- Born: Saenphan Thawan c. 1978 Thailand
- Died: 2 June 2001 (aged 23) Kian Teck Road, Singapore
- Cause of death: Murdered
- Other names: Yaou
- Occupations: Drug lord Pimp
- Known for: Murder victim

= Murder of Saenphan Thawan =

2001 murder of a Thai drug ring operator in Singapore

On 2 June 2001, at a vacant area in Kian Teck Road in Singapore, 23-year-old Thai national Saenphan Thawan was attacked by a gang of six Thai workers, after he had allegedly offended one of the attackers' girlfriend, who told her boyfriend about the victim's actions. Saenphan, who was the head operator of a drug trafficking and prostitution ring at Kian Teck Road, died as a result of the brutal assault, and out of the six killers, four of them were arrested and charged with murder, while the remaining two assailants remain on the run as of today. Out of the four captured, three of them were sentenced to death for murder and a fourth was given a jail term of nine years with caning (ten strokes) for manslaughter.

==Murder investigations==
On 3 June 2001, hours after the police responded to a report that a fight had broken out at Kian Teck Road, a Thai citizen was discovered dead with a total of 38 knife wounds on his body, in addition to several head injuries, inside a vacant plot of land located at Kian Teck Road (located at Pioneer Road North). The victim was later identified as 23-year-old Saenphan Thawan, and the cause of his death was the head injuries he sustained from the alleged brawl that occurred in the same area the night before. Witnesses also told police that there were six young men armed with dangerous weapons who arrived at the area to fatally assault Saenphan, and they claimed that a dispute took place and it therefore sparked a fight that cost the life of Saenphan. About 30 police officers took part in a nine-hour search around the area. A sword and knife were later recovered by the police.

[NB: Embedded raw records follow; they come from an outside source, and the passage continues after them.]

Lemma csub_Shalf_Ccone_gt0 x a : Shalf th x -> Ccone th a -> 0 < cabs (csub x a).
Proof.
move=> x_in a_in; rewrite lt_neqAle cabs_ge0 andbT eq_sym; apply/eqP.
move=> /cabs_eq0 [/eqP + /eqP]; rewrite !subr_eq0 => /eqP x1 /eqP x2.
apply: (Ccone_Shalf_disj a_in).
by move: x_in; rewrite [x]surjective_pairing x1 x2 -surjective_pairing.
Qed.

Lemma Bcone_detour x y z : Shalf th x -> Ccone th z ->
  exists2 z', Bcone th z' &
    cabs (csub x z') + cabs (csub z' y) <= cabs (csub x z) + cabs (csub z y).
Proof.
move=> x_in [z2 rz].
have [t [t01 [seg2 [segr seg_edge]]]] := affine_exit_time z2 rz x_in.
exists (seg_point z x t); last exact: detour_seg_point.
have rE : rayf th (seg_point z x t) = rayf th z + t * (rayf th x - rayf th z).
  by rewrite /rayf /=; ring.
by split; [split|]; rewrite ?rE.
Qed.

Let detour x y := inf [set cabs (csub x z) + cabs (csub z y) | z in Bcone th].
Let dist x := inf [set cabs (csub x z) | z in Bcone th].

Aside from police investigations to arrest the six killers, further investigations also revealed that Saenphan (suspected to be an illegal immigrant) operated both a drug trafficking syndicate and a prostitution syndicate at the area of Kian Teck Road, where many Thai nationals would turn up and hang around for vice activities, including pimping and drugs. After the discovery of vice activities at and nearby the murder scene, about 254 people were rounded up by police during September of that same year in a mass crackdown on these vice activities.

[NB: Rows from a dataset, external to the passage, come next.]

(* For any group $H$, the set $\mathcal I_H=\{G\in\mathcal G:\ \overline G\cong H\}$ is either meager or comeager in $\mathcal G$.
   Context: Let $\mathbb N=\{1,2,3,\dots\}$. Equip $\mathbb N^{\mathbb N\times\mathbb N}$ with the product topology of the discrete topology on $\mathbb N$. Let $\mathcal G$ be the subspace consisting of those $A\in\mathbb N^{\mathbb N\times\mathbb N}$ that are the multiplication table of a group on the underlying set $\mathbb N$ whose identity element is $1$. For $G\in\mathcal G$, $\overline G$ denotes the group on $\mathbb N$ with multiplication table $G$. *)

(* Convention: the underlying set N = {1,2,3,...} is represented by Rocq's
   [nat] via the bijection k |-> k+1, so the identity element 1 of the paper
   is represented by 0. *)

Definition Table := nat -> nat -> nat.

Definition is_group_table (G : Table) : Prop :=
  (forall x y z, G (G x y) z = G x (G y z)) /\
  (forall x, G 0 x = x /\ G x 0 = x) /\
  (forall x, exists y, G x y = 0 /\ G y x = 0).

Definition agree (n : nat) (A B : Table) : Prop :=
  forall i j, i < n -> j < n -> A i j = B i j.

(* Open sets of the subspace [is_group_table] of N^(N x N) (product of
   discrete topologies): subsets V of the space such that each point of V has
   a basic cylinder neighbourhood whose trace on the space lies in V. *)
Definition rel_open (V : Table -> Prop) : Prop :=
  (forall A, V A -> is_group_table A) /\
  (forall A, V A -> exists n, forall B, is_group_table B -> agree n A B -> V B).

Definition rel_closure (X : Table -> Prop) (A : Table) : Prop :=
  is_group_table A /\
  (forall n, exists B, is_group_table B /\ agree n A B /\ X B).

Definition nowhere_dense (X : Table -> Prop) : Prop :=
  forall V, rel_open V -> (forall A, V A -> rel_closure X A) ->
    forall A, ~ V A.

Definition meager (X : Table -> Prop) : Prop :=
  exists Ns : nat -> Table -> Prop,
    (forall k, nowhere_dense (Ns k)) /\
    (forall A, is_group_table A -> X A -> exists k, Ns k A).

Definition comeager (X : Table -> Prop) : Prop :=
  meager (fun A => is_group_table A /\ ~ X A).

Definition iso_class {H : Type} (mul : H -> H -> H) (G : Table) : Prop :=
  is_group_table G /\
  exists (f : nat -> H) (g : H -> nat),
    (forall x, g (f x) = x) /\ (forall h, f (g h) = h) /\
    (forall x y, f (G x y) = mul (f x) (f y)).

(* Fix a table A0 in I_H and let [copy A0 q] be the tables isomorphic to A0 by
   an isomorphism labelling the tuple q by 0, ..., |q|-1, so that I_H = copy A0 [].
   If I_H is not meager, then, as I_H is the countable union over p of the tables
   whose isomorphism sends q to p, one of these is somewhere dense, and relabelling
   shows that every copy A0 q is dense around each of its points.  Realising each
   factor of D x A0 inside a relabelled product then shows that I_H is dense.  A
   table outside the countably many nowhere dense sets where this local density
   fails, or cannot be extended to a longer tuple containing a prescribed element,
   carries a back-and-forth chain of tuples whose limit is an isomorphism with A0;
   hence I_H is comeager. *)

From Stdlib Require Import Arith Lia List Classical ClassicalEpsilon Cantor.
Import ListNotations.

Lemma agree_refl n A : agree n A A.
Proof. now intros i j _ _. Qed.

Lemma agree_trans n A B C : agree n A B -> agree n B C -> agree n A C.
Proof. intros HAB HBC i j Hi Hj. rewrite HAB by assumption. auto. Qed.

Lemma bounded_on (f : nat -> nat) n : exists k, forall x, x < n -> f x < k.
Proof.
  induction n as [|n [k Hk]]; [exists 0; lia|].
  exists (S (max k (f n))). intros x Hx.
  destruct (Nat.eq_dec x n) as [->|Hne]; [lia|].
  specialize (Hk x ltac:(lia)). lia.
Qed.

Lemma table_bounded_on (D : Table) n : exists k, forall x y, x < n -> y < n -> D x y < k.
Proof.
  induction n as [|n [k Hk]]; [exists 0; lia|].
  destruct (bounded_on (D n) (S n)) as [k1 Hk1].
  destruct (bounded_on (fun x => D x n) (S n)) as [k2 Hk2].
  exists (k + k1 + k2). intros x y Hx Hy.
  destruct (Nat.eq_dec x n) as [->|]; [specialize (Hk1 y Hy); lia|].
  destruct (Nat.eq_dec y n) as [->|]; [specialize (Hk2 x Hx); cbv beta in Hk2; lia|].
  specialize (Hk x y ltac:(lia) ltac:(lia)). lia.
Qed.

Definition table_iso (A C : Table) (f g : nat -> nat) : Prop :=
  (forall x, g (f x) = x) /\ (forall y, f (g y) = y) /\
  (forall x y, f (A x y) = C (f x) (f y)).

Definition relabel (f g : nat -> nat) (A : Table) : Table := fun x y => f (A (g x) (g y)).

Lemma table_iso_sym A C f g : table_iso A C f g -> table_iso C A g f.
Proof.
  intros (gf & fg & hom). repeat split; auto. intros x y.
  rewrite <- (gf (A (g x) (g y))), hom, !fg. reflexivity.
Qed.

Lemma table_iso_trans A B C f g f' g' :
  table_iso A B f g -> table_iso B C f' g' ->
  table_iso A C (fun x => f' (f x)) (fun z => g (g' z)).
Proof.
  intros (gf & fg & hom) (gf' & fg' & hom').
  repeat split; intros; cbv beta; [rewrite gf', gf | rewrite fg, fg' | rewrite hom, hom'];
    reflexivity.
Qed.

Lemma table_iso_apply A C f g x y : table_iso A C f g -> C x y = f (A (g x) (g y)).
Proof. intros (_ & fg & hom). rewrite hom, !fg. reflexivity. Qed.

Lemma relabel_iso A f g :
  (forall x, g (f x) = x) -> (forall y, f (g y) = y) -> table_iso A (relabel f g A) f g.
Proof. intros gf fg. repeat split; auto. intros x y. unfold relabel. rewrite !gf. reflexivity. Qed.

Lemma group_idempotent C e : is_group_table C -> C e e = e -> e = 0.
Proof.
  intros (assoc & unit & inv) He. destruct (inv e) as (y & _ & Hye).
  pose proof (assoc y e e) as E. rewrite He, Hye, (proj1 (unit e)) in E. exact E.
Qed.

Lemma table_iso_zero A C f g :
  is_group_table A -> is_group_table C -> table_iso A C f g -> f 0 = 0.
Proof.
  intros HA HC (_ & _ & hom). apply (group_idempotent C); [exact HC|].
  rewrite <- hom, (proj1 (proj1 (proj2 HA) 0)). reflexivity.
Qed.

Lemma table_iso_group A C f g :
  is_group_table A -> table_iso A C f g -> f 0 = 0 -> is_group_table C.
Proof.
  intros (assoc & unit & inv) Hiso f0.
  pose proof (fun x y => table_iso_apply A C f g x y Hiso) as HC.
  destruct Hiso as (gf & fg & _).
  assert (g0 : g 0 = 0) by (rewrite <- f0 at 1; apply gf).
  split; [|split].
  - intros x y z. rewrite !HC, !gf, assoc. reflexivity.
  - intros x. rewrite !HC, g0, (proj1 (unit _)), (proj2 (unit _)), fg. split; reflexivity.
  - intros x. destruct (inv (g x)) as (y & Hxy & Hyx). exists (f y).
    rewrite !HC, !gf, Hxy, Hyx, f0. split; reflexivity.
Qed.

Definition dense_near (X : Table -> Prop) (m : nat) (A : Table) : Prop :=
  forall B, is_group_table B -> agree m A B -> rel_closure X B.

Definition interior_closure (X : Table -> Prop) (A : Table) : Prop :=
  exists m, dense_near X m A.

Lemma dense_near_agree X m A C : dense_near X m A -> agree m A C -> dense_near X m C.
Proof. intros HA HAC B HB HCB. apply HA; [exact HB|]. eapply agree_trans; eauto. Qed.

Lemma rel_closure_mono (X Y : Table -> Prop) A :
  (forall C, X C -> Y C) -> rel_closure X A -> rel_closure Y A.
Proof.
  intros HXY [HA Hcl]. split; [exact HA|]. intros n.
  destruct (Hcl n) as (B & HB & HAB & HXB). exists B. auto.
Qed.

Lemma nowhere_dense_intro X :
  (forall A k, is_group_table A -> dense_near X k A ->
     exists C m, is_group_table C /\ agree k A C /\
       forall B, is_group_table B -> agree m C B -> ~ X B) ->
  nowhere_dense X.
Proof.
  intros Hsep V [HVg HVo] Hcl A HA. destruct (HVo A HA) as [k Hk].
  destruct (Hsep A k (HVg A HA)) as (C & m & HC & HAC & Hout).
  { intros B HB HAB. apply Hcl, Hk; assumption. }
  destruct (Hcl C (Hk C HC HAC)) as [_ HclC].
  destruct (HclC m) as (B & HB & HCB & HXB). exact (Hout B HB HCB HXB).
Qed.

Lemma not_nowhere_dense X :
  ~ nowhere_dense X -> exists A, is_group_table A /\ interior_closure X A.
Proof.
  intros Hnd. apply NNPP. intros Hno. apply Hnd. intros V [HVg HVo] Hcl A HA.
  destruct (HVo A HA) as [k Hk]. apply Hno. exists A. split; [exact (HVg A HA)|].
  exists k. intros B HB HAB. apply Hcl, Hk; assumption.
Qed.

Lemma nowhere_dense_mono (X Y : Table -> Prop) :
  nowhere_dense Y -> (forall A, X A -> Y A) -> nowhere_dense X.
Proof.
  intros HY HXY V HV Hcl. apply (HY V HV). intros A HA.
  exact (rel_closure_mono X Y A HXY (Hcl A HA)).
Qed.

Lemma nowhere_dense_empty : nowhere_dense (fun _ => False).
Proof.
  apply nowhere_dense_intro. intros A k HA _. exists A, 0.
  split; [exact HA|]. split; [apply agree_refl|]. auto.
Qed.

Lemma meager_mono (X Y : Table -> Prop) :
  (forall A, is_group_table A -> X A -> Y A) -> meager Y -> meager X.
Proof. intros HXY (Ns & Hnd & Hcov). exists Ns. split; auto. Qed.

Lemma meager_of_cover {I : Type} (code : I -> nat) (Y : I -> Table -> Prop) (X : Table -> Prop) :
  (forall i j, code i = code j -> i = j) -> (forall i, nowhere_dense (Y i)) ->
  (forall A, is_group_table A -> X A -> exists i, Y i A) -> meager X.
Proof.
  intros Hcode Hnd Hcov. exists (fun k A => exists i, code i = k /\ Y i A). split.
  - intros k V HV Hcl A HA.
    destruct (Hcl A HA) as [_ HclA]. destruct (HclA 0) as (_ & _ & _ & i & Hi & _).
    refine (nowhere_dense_mono _ (Y i) (Hnd i) _ V HV Hcl A HA).
    intros B (j & Hj & HB). rewrite (Hcode i j) by congruence. exact HB.
  - intros A HA HXA. destruct (Hcov A HA HXA) as [i Hi]. exists (code i), i. auto.
Qed.

Fixpoint list_code (l : list nat) : nat :=
  match l with
  | [] => 0
  | x :: l => S (to_nat (x, list_code l))
  end.

Lemma list_code_inj l l' : list_code l = list_code l' -> l = l'.
Proof.
  revert l'. induction l as [|x l IH]; intros [|x' l'] E; try discriminate; [reflexivity|].
  assert (E' : (x, list_code l) = (x', list_code l')).
  { apply to_nat_inj. cbn [list_code] in E. congruence. }
  injection E' as -> E'. f_equal. auto.
Qed.

Lemma agree_iso B B' C C' f g k L :
  table_iso B B' f g -> table_iso C C' f g -> (forall x, x < k -> g x < L) ->
  agree L B C -> agree k B' C'.
Proof.
  intros HB HC Hg HBC x y Hx Hy.
  rewrite (table_iso_apply _ _ _ _ x y HB), (table_iso_apply _ _ _ _ x y HC), HBC; auto.
Qed.

Lemma rel_closure_iso (X Y : Table -> Prop) B B' f g :
  rel_closure X B -> table_iso B B' f g -> f 0 = 0 ->
  (forall C C', X C -> table_iso C C' f g -> Y C') -> rel_closure Y B'.
Proof.
  intros [HB Hcl] Hiso f0 HXY. split; [exact (table_iso_group _ _ _ _ HB Hiso f0)|].
  intros n. destruct (bounded_on g n) as [k Hk].
  destruct (Hcl k) as (C & HC & HBC & HXC).
  pose proof (relabel_iso C f g (proj1 Hiso) (proj1 (proj2 Hiso))) as HC'.
  exists (relabel f g C). split; [|split].
  - exact (table_iso_group _ _ _ _ HC HC' f0).
  - exact (agree_iso _ _ _ _ _ _ _ _ Hiso HC' Hk HBC).
  - exact (HXY _ _ HXC HC').
Qed.

Lemma interior_closure_iso (X Y : Table -> Prop) C C' f g :
  is_group_table C -> is_group_table C' -> table_iso C C' f g ->
  (forall D D', X D -> table_iso D D' g f -> Y D') ->
  interior_closure X C' -> interior_closure Y C.
Proof.
  intros HC HC' Hiso HXY [k Hk].
  pose proof (table_iso_zero _ _ _ _ HC HC' Hiso) as f0.
  pose proof (table_iso_zero _ _ _ _ HC' HC (table_iso_sym _ _ _ _ Hiso)) as g0.
  destruct (bounded_on g k) as [L HL]. exists L. intros B HB HCB.
  pose proof (relabel_iso B f g (proj1 Hiso) (proj1 (proj2 Hiso))) as HB'.
  apply (rel_closure_iso X Y (relabel f g B) B g f); [|exact (table_iso_sym _ _ _ _ HB') | exact g0 | exact HXY].
  apply Hk; [exact (table_iso_group _ _ _ _ HB HB' f0)|].
  exact (agree_iso _ _ _ _ _ _ _ _ Hiso HB' HL HCB).
Qed.

Definition prod_table (D E : Table) : Table := fun x y =>
  to_nat (D (fst (of_nat x)) (fst (of_nat y)), E (snd (of_nat x)) (snd (of_nat y))).

Lemma prod_table_pair D E a b c d :
  prod_table D E (to_nat (a, b)) (to_nat (c, d)) = to_nat (D a c, E b d).
Proof. unfold prod_table. rewrite !cancel_of_to. reflexivity. Qed.

Lemma prod_table_group D E :
  is_group_table D -> is_group_table E -> is_group_table (prod_table D E).
Proof.
  intros (Da & Du & Dv) (Ea & Eu & Ev). unfold prod_table. split; [|split].
  - intros x y z. rewrite !cancel_of_to. cbn [fst snd]. rewrite Da, Ea. reflexivity.
  - intros x. change (of_nat 0) with (0, 0). cbn [fst snd].
    rewrite (proj1 (Du _)), (proj2 (Du _)), (proj1 (Eu _)), (proj2 (Eu _)).
    rewrite <- surjective_pairing, cancel_to_of. split; reflexivity.
  - intros x. destruct (Dv (fst (of_nat x))) as (a & Ha1 & Ha2).
    destruct (Ev (snd (of_nat x))) as (b & Hb1 & Hb2). exists (to_nat (a, b)).
    rewrite cancel_of_to. cbn [fst snd]. rewrite Ha1, Ha2, Hb1, Hb2. split; reflexivity.
Qed.

Definition swap (a b x : nat) : nat := if x =? a then b else if x =? b then a else x.

Lemma swap_involutive a b x : swap a b (swap a b x) = x.
Proof.
  unfold swap.
  destruct (Nat.eqb_spec x a), (Nat.eqb_spec x b); subst;
    repeat match goal with |- context [?u =? ?v] => destruct (Nat.eqb_spec u v); subst end;
    congruence.
Qed.

Lemma finite_injection_extends (a : nat -> nat) K :
  (forall i j, i < K -> j < K -> a i = a j -> i = j) ->
  exists f g, (forall x, g (f x) = x) /\ (forall y, f (g y) = y) /\
    (forall i, i < K -> f i = a i).
Proof.
  induction K as [|K IH]; intros Hinj.
  { exists (fun x => x), (fun x => x). repeat split. intros; lia. }
  destruct IH as (f & g & gf & fg & Hfa); [intros i j Hi Hj; apply Hinj; lia|].
  exists (fun x => swap (f K) (a K) (f x)), (fun y => g (swap (f K) (a K) y)).
  split; [|split]; intros; cbv beta.
  - rewrite swap_involutive, gf. reflexivity.
  - rewrite fg, swap_involutive. reflexivity.
  - unfold swap. destruct (Nat.eq_dec i K) as [->|Hne]; [rewrite Nat.eqb_refl; reflexivity|].
    rewrite (Hfa i) by lia.
    destruct (Nat.eqb_spec (a i) (f K)) as [E|]; [|destruct (Nat.eqb_spec (a i) (a K))].
    + rewrite <- (Hfa i) in E by lia. apply (f_equal g) in E. rewrite !gf in E. contradiction.
    + exfalso. apply Hne, Hinj; lia || assumption.
    + reflexivity.
Qed.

As of July 2002, four of the six assailants were eventually identified and caught for the murder of Saenphan Thawan. The four young Thai men, identified as 19-year-old Dornchinnamat Yingyos, 33-year-old Thongthot Yordsa-Art, 28-year-old Seethong Phichet and Uthorn Koedsomboon (age unknown), were charged with murder between 2001 and 2002. To date, the remaining two attackers, who are still not identified, remains at large for the killing.

==Trial of Thongthot and Dornchinnamat==
In January 2002, both Dornchinnamat Yingyos and Thongthot Yordsa-Art stood trial at the High Court for murdering Saenphan Thawan back in June 2001. At that point, both Uthorn and Seethong were not yet caught for their roles in the crime, and hence both Thongthot and Dornchinnamat became the first two to stand trial for the murder itself. Thongthot was represented by both Goh Aik Leng and Rajendran Kumaresan, while both Ram Goswami and Boon Khoon Lin defended Dornchinnamat. The prosecution was led by Ravneet Kaur, Sia Aik Kor and Paul Chia, and the trial was presided by Judicial Commissioner Choo Han Teck.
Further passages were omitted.